A chegada da Sexta-feira Santa, celebrada nesta sexta-feira (3), já movimenta trabalhadores que esperam pelo feriadão prolongado. A data, conhecida como Paixão de Cristo, é considerada feriado nacional e garante, em regra, o direito ao descanso. No fim do mês, outro feriado também está no calendário: o Dia de Tiradentes, em 21 de abril.
Apesar disso, nem todos poderão folgar. A legislação trabalhista permite que alguns setores mantenham suas atividades durante feriados, especialmente aqueles considerados essenciais, como serviços de saúde, segurança, transporte, comércio e indústria.
Trabalho no feriado
De acordo com a Consolidação das Leis do Trabalho (CLT), o trabalho em feriados é, em geral, proibido, mas há exceções. Empresas podem convocar funcionários quando a atividade é essencial ou quando há previsão em convenção coletiva firmada entre sindicatos e empregadores.
Nesses casos, o trabalhador tem direito a receber o pagamento em dobro pelo dia trabalhado ou a uma folga compensatória em outra data.
E no domingo de Páscoa?
O domingo de Páscoa, que neste ano cai no dia 5, não é considerado feriado nacional. Por isso, as regras seguem o funcionamento normal do trabalho aos domingos, podendo variar conforme acordos coletivos ou contratos individuais.
Se houver prestação de serviço em regime de horas extras, a legislação garante adicional de, no mínimo, 50% sobre o valor da hora comum.
Faltas e penalidades
Caso o trabalhador seja escalado para trabalhar no feriado, a ausência precisa ser devidamente justificada.

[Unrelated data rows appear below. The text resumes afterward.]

(* Write H = |h|^2, G = |g|^2, c = |h^H g|, K = H G - c^2, p = |h^H f| and q = |g^H f|.
   Nonnegativity of the Gram determinant of h, g, f gives (G p - c q)^2 <= K (G |f|^2 - q^2),
   so a feasible f satisfies (G p - c q)^2 <= K (G P_t - q^2) with q >= sqrt eta. This is an
   arc of a disc in the (q, p)-plane on which p is largest at q = sqrt eta, and that bound is
   attained by a h + b g, whose aligned phases make all cross terms real and nonnegative.
   Cases 1 and 3 are Cauchy-Schwarz. *)
From HB Require Import structures.
From mathcomp Require Import all_boot all_order all_algebra.
From mathcomp Require Import complex.
From mathcomp Require Import reals.
From mathcomp Require Import ring.
Set Implicit Arguments.
Unset Strict Implicit.
Unset Printing Implicit Defensive.
Import Order.TTheory GRing.Theory Num.Theory.
Local Open Scope ring_scope.

(* With R^2 = A^2 K + s^2 the hypothesis puts (q, (z - c q) / sqrt K) in the disc of
   radius R; on its part q >= s the linear form c q + sqrt K y is maximal at the boundary
   point (s, A sqrt K), because c A <= s puts the unconstrained maximiser at q <= s. *)
Lemma linear_bound_on_disc_arc (R : numDomainType) (K c A s q z : R) :
  0 < K -> 0 <= c -> 0 <= A -> c * A <= s -> s <= q -> 0 <= z ->
  (z - c * q) ^+ 2 <= K * (A ^+ 2 * K + s ^+ 2 - q ^+ 2) ->
  z <= A * K + c * s.
Proof.
move=> K_gt0 c_ge0 A_ge0 cA_le_s s_le_q z_ge0 hz.
have s_ge0 : 0 <= s := le_trans (mulr_ge0 c_ge0 A_ge0) cA_le_s.
have sA_ge0 : 0 <= s - c * A by rewrite subr_ge0.
have x_ge0 : 0 <= q - s by rewrite subr_ge0.
move: (q - s) x_ge0 (subrK s q) hz => x x_ge0 <- {s_le_q} hz.
have real_z : z - c * (x + s) \is Num.real.
  by rewrite rpredB ?ger0_real ?mulr_ge0 ?addr_ge0.
set D := A ^+ 2 * K + s ^+ 2 - (x + s) ^+ 2 in hz.
have D_ge0 : 0 <= D by rewrite -(pmulr_rge0 _ K_gt0) (le_trans _ hz) -?realEsqr.
set t := A * K - c * x.
have At_ge : x ^+ 2 <= A * t.
  have -> : A * t = x ^+ 2 + (D + x * s + x * (s - c * A)).
    by rewrite /t /D; ring.
  by rewrite lerDl addr_ge0 ?mulr_ge0 // addr_ge0 // mulr_ge0.
have t_ge0 : 0 <= t.
  have x2_ge0 : 0 <= x ^+ 2 by rewrite -realEsqr ger0_real.
  have [A0|A_gt0] : A = 0 \/ 0 < A by move: A_ge0; rewrite le0r => /orP[/eqP|]; [left|right].
  - move: At_ge; rewrite A0 mul0r => x2_le0.
    have x0 : x = 0 by apply/eqP; rewrite -sqrf_eq0 eq_le x2_le0.
    by rewrite /t x0 A0 !(mul0r, mulr0) subr0.
  - by rewrite -(pmulr_rge0 _ A_gt0) (le_trans x2_ge0).
have gap : t ^+ 2 = K * D + x * ((c ^+ 2 + K) * x + 2 * K * (s - c * A)).
  by rewrite /t /D; ring.
have norm_le_t : `|z - c * (x + s)| <= t.
  rewrite -(ler_pXn2r (_ : 0 < 2)%N) ?nnegrE ?normr_ge0 // real_normK // gap.
  have c2K_ge0 : 0 <= c ^+ 2 + K by rewrite addr_ge0 ?(ltW K_gt0) // -realEsqr ger0_real.
  apply: le_trans hz _.
  by rewrite lerDl mulr_ge0 // addr_ge0 ?mulr_ge0 // ltW.
have -> : A * K + c * s = t + c * (x + s) by rewrite /t; ring.
by rewrite -lerBlDr (le_trans (real_ler_norm real_z)).
Qed.

Lemma conjC_norm1 (C : numClosedFieldType) (u : C) : `|u| = 1 -> u^* = u^-1.
Proof. by move=> u1; rewrite invC_norm u1 expr1n invr1 mul1r. Qed.

Section InnerProduct.
Variables (C : numClosedFieldType) (N : nat).
Implicit Types (u v w : 'cV[C]_N) (a : C).

Lemma dotcDl u v w : dotc (u + v) w = dotc u w + dotc v w.
Proof. by rewrite /dotc -big_split; apply: eq_bigr => i _; rewrite mxE rmorphD mulrDl. Qed.

Lemma dotcDr u v w : dotc u (v + w) = dotc u v + dotc u w.
Proof. by rewrite /dotc -big_split; apply: eq_bigr => i _; rewrite mxE mulrDr. Qed.

Lemma dotcZl a u v : dotc (a *: u) v = a^* * dotc u v.
Proof. by rewrite /dotc mulr_sumr; apply: eq_bigr => i _; rewrite mxE rmorphM mulrA. Qed.

Lemma dotcZr a u v : dotc u (a *: v) = a * dotc u v.
Proof. by rewrite /dotc mulr_sumr; apply: eq_bigr => i _; rewrite mxE mulrCA. Qed.

Lemma dotcC u v : dotc v u = (dotc u v)^*.
Proof.
by rewrite /dotc rmorph_sum; apply: eq_bigr => i _; rewrite rmorphM /= conjCK mulrC.
Qed.

Lemma dotc0l v : dotc 0 v = 0.
Proof. by rewrite -(scale0r 0) dotcZl rmorph0 mul0r. Qed.

Lemma conj_norm2 u : (norm2 u)^* = norm2 u.
Proof. by rewrite -dotcC. Qed.

Lemma norm2_ge0 u : 0 <= norm2 u.
Proof. by apply: sumr_ge0 => i _; rewrite mulrC -normCK exprn_ge0. Qed.

Lemma norm2_eq0 u : (norm2 u == 0) = (u == 0).
Proof.
apply/idP/eqP => [|->]; last by rewrite /norm2 dotc0l.
rewrite /norm2 /dotc psumr_eq0 => [/allP u0|i _]; last by rewrite mulrC -normCK exprn_ge0.
apply/matrixP => i j; rewrite (ord1 j) mxE.
by have := u0 i (mem_index_enum _); rewrite mulf_eq0 conjC_eq0 orbb => /eqP.
Qed.

Lemma norm2_gt0 u : u != 0 -> 0 < norm2 u.
Proof. by rewrite lt_def norm2_eq0 norm2_ge0 andbT. Qed.

Lemma norm2_schwarz_residual u v :
  norm2 (norm2 u *: v - dotc u v *: u) =
  norm2 u * (norm2 u * norm2 v - `|dotc u v| ^+ 2).
Proof.
rewrite -scaleNr /norm2 !(dotcDl, dotcDr, dotcZl, dotcZr) (dotcC u v) normCK.
by rewrite rmorphN /= conj_norm2 /norm2; ring.
Qed.

Lemma cauchy_schwarz u v : `|dotc u v| ^+ 2 <= norm2 u * norm2 v.
Proof.
have [->|u_neq0] := eqVneq u 0; first by rewrite dotc0l normr0 expr0n /norm2 dotc0l mul0r.
have := norm2_ge0 (norm2 u *: v - dotc u v *: u).
by rewrite norm2_schwarz_residual pmulr_rge0 ?norm2_gt0 // subr_ge0.
Qed.

Lemma lin_indep2_neq0 u v : lin_indep2 u v -> u != 0 /\ v != 0.
Proof.
move=> indep_uv; split; apply/eqP => uv0.
  by have [|/eqP] := indep_uv 1 0; rewrite ?oner_eq0 // uv0 scaler0 scale0r addr0.
by have [|_ /eqP] := indep_uv 0 1; rewrite ?oner_eq0 // uv0 scaler0 scale0r add0r.
Qed.

Lemma cauchy_schwarz_lt u v :
  lin_indep2 u v -> `|dotc u v| ^+ 2 < norm2 u * norm2 v.
Proof.
move=> indep_uv; rewrite lt_neqAle cauchy_schwarz andbT.
have [u_neq0 _] := lin_indep2_neq0 indep_uv.
apply/eqP => eq_cs; have /eqP := norm2_schwarz_residual u v.
rewrite eq_cs subrr mulr0 norm2_eq0 addrC -scaleNr => /eqP /indep_uv [_ /eqP].
by rewrite norm2_eq0 (negPf u_neq0).
Qed.

Section Gram.
Variables h g f : 'cV[C]_N.
Let H := norm2 h.
Let G := norm2 g.
Let c := dotc h g.
Let p := dotc h f.
Let q := dotc g f.
Let K := H * G - `|c| ^+ 2.

(* The Gram determinant of h, g, f, as K times the squared norm of the part of K f
   orthogonal to h and g. *)
Lemma norm2_gram_residual :
  norm2 (K *: f - (G * p - c * q) *: h - (H * q - c^* * p) *: g) =
  K * (K * norm2 f - G * `|p| ^+ 2 - H * `|q| ^+ 2 + (c * p^* * q + (c * p^* * q)^*)).
Proof.
rewrite -!scaleNr /norm2 !(dotcDl, dotcDr, dotcZl, dotcZr) (dotcC h f) (dotcC g f) (dotcC h g).
rewrite /K /H /G !normCK !(rmorphN, rmorphB, rmorphM, rmorphD) /= !conj_norm2 !conjCK.
by rewrite /norm2 -/c -/p -/q; ring.
Qed.

Lemma gram_ineq : 0 < K -> (G * `|p| - `|c| * `|q|) ^+ 2 <= K * (G * norm2 f - `|q| ^+ 2).
Proof.
move=> K_gt0.
have cross_le : c * p^* * q + (c * p^* * q)^* <= 2 * (`|c| * `|p| * `|q|).
  have [Re_le _] := leif_Re_Creal (c * p^* * q).
  by move: Re_le; rewrite ReE !normrM norm_conjC ler_pdivrMr ?ltr0n // [_ * 2]mulrC.
have gram_ge0 := norm2_ge0 (K *: f - (G * p - c * q) *: h - (H * q - c^* * p) *: g).
rewrite norm2_gram_residual pmulr_rge0 // in gram_ge0.
rewrite -subr_ge0 (_ : _ - _ =
    G * (K * norm2 f - G * `|p| ^+ 2 - H * `|q| ^+ 2 + 2 * (`|c| * `|p| * `|q|))).
  by rewrite mulr_ge0 ?norm2_ge0 // (le_trans gram_ge0) // lerD2l.
by rewrite /K; ring.
Qed.
End Gram.

Section PhaseAlignedCombination.
Variables (h g : 'cV[C]_N) (a b : C).
Hypothesis phase_ab : angle_diff_eq a b (dotc h g).
Let c := dotc h g.
Let f := a *: h + b *: g.

Lemma aligned_phases : exists ub uc : C,
  [/\ `|ub| = 1, `|uc| = 1, a = `|a| * (uc * ub), b = `|b| * ub & c = `|c| * uc].
Proof.
have [ua [ub [uc [[_ a_eq] [ub1 b_eq] [uc1 c_eq] ua_eq]]]] := phase_ab.
exists ub, uc; split=> //; rewrite -ua_eq divfK //.
by rewrite -normr_eq0 ub1 oner_eq0.
Qed.

Lemma norm_dotc_aligned_l : `|dotc h f| = `|a| * norm2 h + `|b| * `|c|.
Proof.
have [ub [uc [ub1 uc1 a_eq b_eq c_eq]]] := aligned_phases.
have -> : dotc h f = uc * ub * (`|a| * norm2 h + `|b| * `|c|).
  rewrite /f dotcDr !dotcZr -/c; move: a_eq b_eq c_eq.
  by set A := `|a|; set B := `|b|; set cm := `|c|; move=> -> -> ->; rewrite /norm2; ring.
by rewrite !normrM ub1 uc1 !mul1r ger0_norm // addr_ge0 ?mulr_ge0 ?norm2_ge0.
Qed.
Lemma mprod_succ_l (f : nat -> H) n :
  mprod f (S n) = f 0 * mprod (fun i => f (S i)) n.
Proof.
  induction n as [|n IHn].
  - simpl. rewrite mmul1, mmul_1_r. reflexivity.
  - change (mprod f (S (S n))) with (mprod f (S n) * f (S n)).
    rewrite IHn. simpl. rewrite mmulA. reflexivity.
Qed.

Lemma mdvd_refl (x : H) : mdvd x x.
Proof. exists 1. rewrite mmul_1_r. reflexivity. Qed.

Lemma mdvd_trans (x y z : H) : mdvd x y -> mdvd y z -> mdvd x z.
Proof. intros [a ->] [b ->]. exists (a * b). apply eq_sym, mmulA. Qed.

Lemma mdvd_1_l (x : H) : mdvd 1 x.
Proof. exists x. rewrite mmul1. reflexivity. Qed.

Lemma mdvd_factor_l (x y : H) : mdvd x (x * y).
Proof. exists y. reflexivity. Qed.

Lemma mdvd_factor_r (x y : H) : mdvd y (x * y).
Proof. exists x. apply mmulC. Qed.

Lemma mdvd_mul_compat (a b c d : H) : mdvd a b -> mdvd c d -> mdvd (a * c) (b * d).
Proof. intros [x ->] [y ->]. exists (x * y). apply mmul_shuffle1. Qed.

Lemma mdvd_pow_le (x : H) k m : k <= m -> mdvd (mpow x k) (mpow x m).
Proof.
  intros Hkm. exists (mpow x (m - k)). rewrite <- mpow_add_r. f_equal. lia.
Qed.

Lemma mdvd_mprod (f g : nat -> H) n :
  (forall i, i < n -> mdvd (f i) (g i)) -> mdvd (mprod f n) (mprod g n).
Proof.
  induction n as [|n IHn]; intros Dfg; simpl; [apply mdvd_refl|].
  apply mdvd_mul_compat; [apply IHn; intros | ]; apply Dfg; lia.
Qed.

Lemma mdvd_mprod_term (f : nat -> H) n i : i < n -> mdvd (f i) (mprod f n).
Proof.
  induction n as [|n IHn]; intros Hi; [lia|]. simpl.
  destruct (Nat.eq_dec i n) as [->|Hin].
  - apply mdvd_factor_r.
  - eapply mdvd_trans; [apply IHn; lia | apply mdvd_factor_l].
Qed.

Lemma mdvd_mprod_two_terms (f : nat -> H) n i j :
  i < n -> j < n -> i <> j -> mdvd (f i * f j) (mprod f n).
Proof.
  induction n as [|n IHn]; intros Hi Hj Hij; [lia|]. simpl.
  destruct (Nat.eq_dec i n) as [->|Hin]; destruct (Nat.eq_dec j n) as [->|Hjn].
  - lia.
  - rewrite mmulC. apply mdvd_mul_compat; [apply mdvd_mprod_term; lia | apply mdvd_refl].
  - apply mdvd_mul_compat; [apply mdvd_mprod_term; lia | apply mdvd_refl].
  - eapply mdvd_trans; [apply IHn; lia | apply mdvd_factor_l].
Qed.

Lemma Sqf_1 : Sqf H 1.
Proof.
  intros [b [c [Hb E]]]. apply Hb. exists (b * c).
  simpl in E. rewrite mmul1 in E. rewrite E, mmulA. reflexivity.
Qed.

Lemma Sqf_dvd (x y : H) : Sqf H y -> mdvd x y -> Sqf H x.
Proof.
  intros Sy [k ->] [b [c [Hb E]]]. apply Sy. exists b, (c * k).
  split; [exact Hb|]. rewrite E, mmulA. reflexivity.
Qed.

Lemma Sqf_square_dvd (y b : H) : Sqf H y -> mdvd (mpow b 2) y -> is_unit b.
Proof. intros Sy [c E]. apply NNPP. intros Hb. apply Sy. exists b, c. auto. Qed.

Lemma Sqf_rel_prime (y u v : H) : Sqf H y -> mdvd (u * v) y -> rel_prime u v.
Proof.
  intros Sy Duv d Du Dv. apply (Sqf_square_dvd y d Sy).
  eapply mdvd_trans; [|exact Duv]. simpl. rewrite mmul1. apply mdvd_mul_compat; assumption.
Qed.

Inductive prod_of (P : H -> Prop) : H -> Prop :=
  | prod_of_1 : prod_of P 1
  | prod_of_mul x p : prod_of P x -> P p -> prod_of P (x * p).

Lemma prod_of_mul_closed (P : H -> Prop) x y :
  prod_of P x -> prod_of P y -> prod_of P (x * y).
Proof.
  intros Px Py. induction Py as [|y p _ IHy Pp].
  - rewrite mmul_1_r. exact Px.
  - rewrite mmulA. apply prod_of_mul; assumption.
Qed.

Lemma prod_of_pow (P : H -> Prop) x k : P x -> prod_of P (mpow x k).
Proof.
  intros Px. induction k as [|k IHk]; simpl; [constructor|].
  apply prod_of_mul; assumption.
Qed.

Lemma prod_of_mprod (P : H -> Prop) (f : nat -> H) n :
  (forall i, i < n -> prod_of P (f i)) -> prod_of P (mprod f n).
Proof.
  induction n as [|n IHn]; intros Pf; simpl; [constructor|].
  apply prod_of_mul_closed; [apply IHn; intros |]; apply Pf; lia.
Qed.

Sem uma justificativa válida, o empregado pode sofrer penalidades, como desconto salarial, advertência, suspensão e, em casos mais graves, até demissão por justa causa.
Tipos de contrato
As regras valem tanto para trabalhadores fixos quanto para temporários com carteira assinada, que têm os mesmos direitos em relação à jornada, folgas e remuneração.
Já no caso de trabalhadores intermitentes, a convocação deve ser feita com pelo menos 72 horas de antecedência, e o profissional tem até 24 horas para aceitar ou recusar. Se aceitar e trabalhar no feriado, também terá direito ao pagamento adicional, que pode chegar ao dobro do valor da diária.
Com a proximidade dos feriados, a orientação é que os trabalhadores verifiquem seus contratos e eventuais convenções coletivas para entender como as regras se aplicam a cada categoria.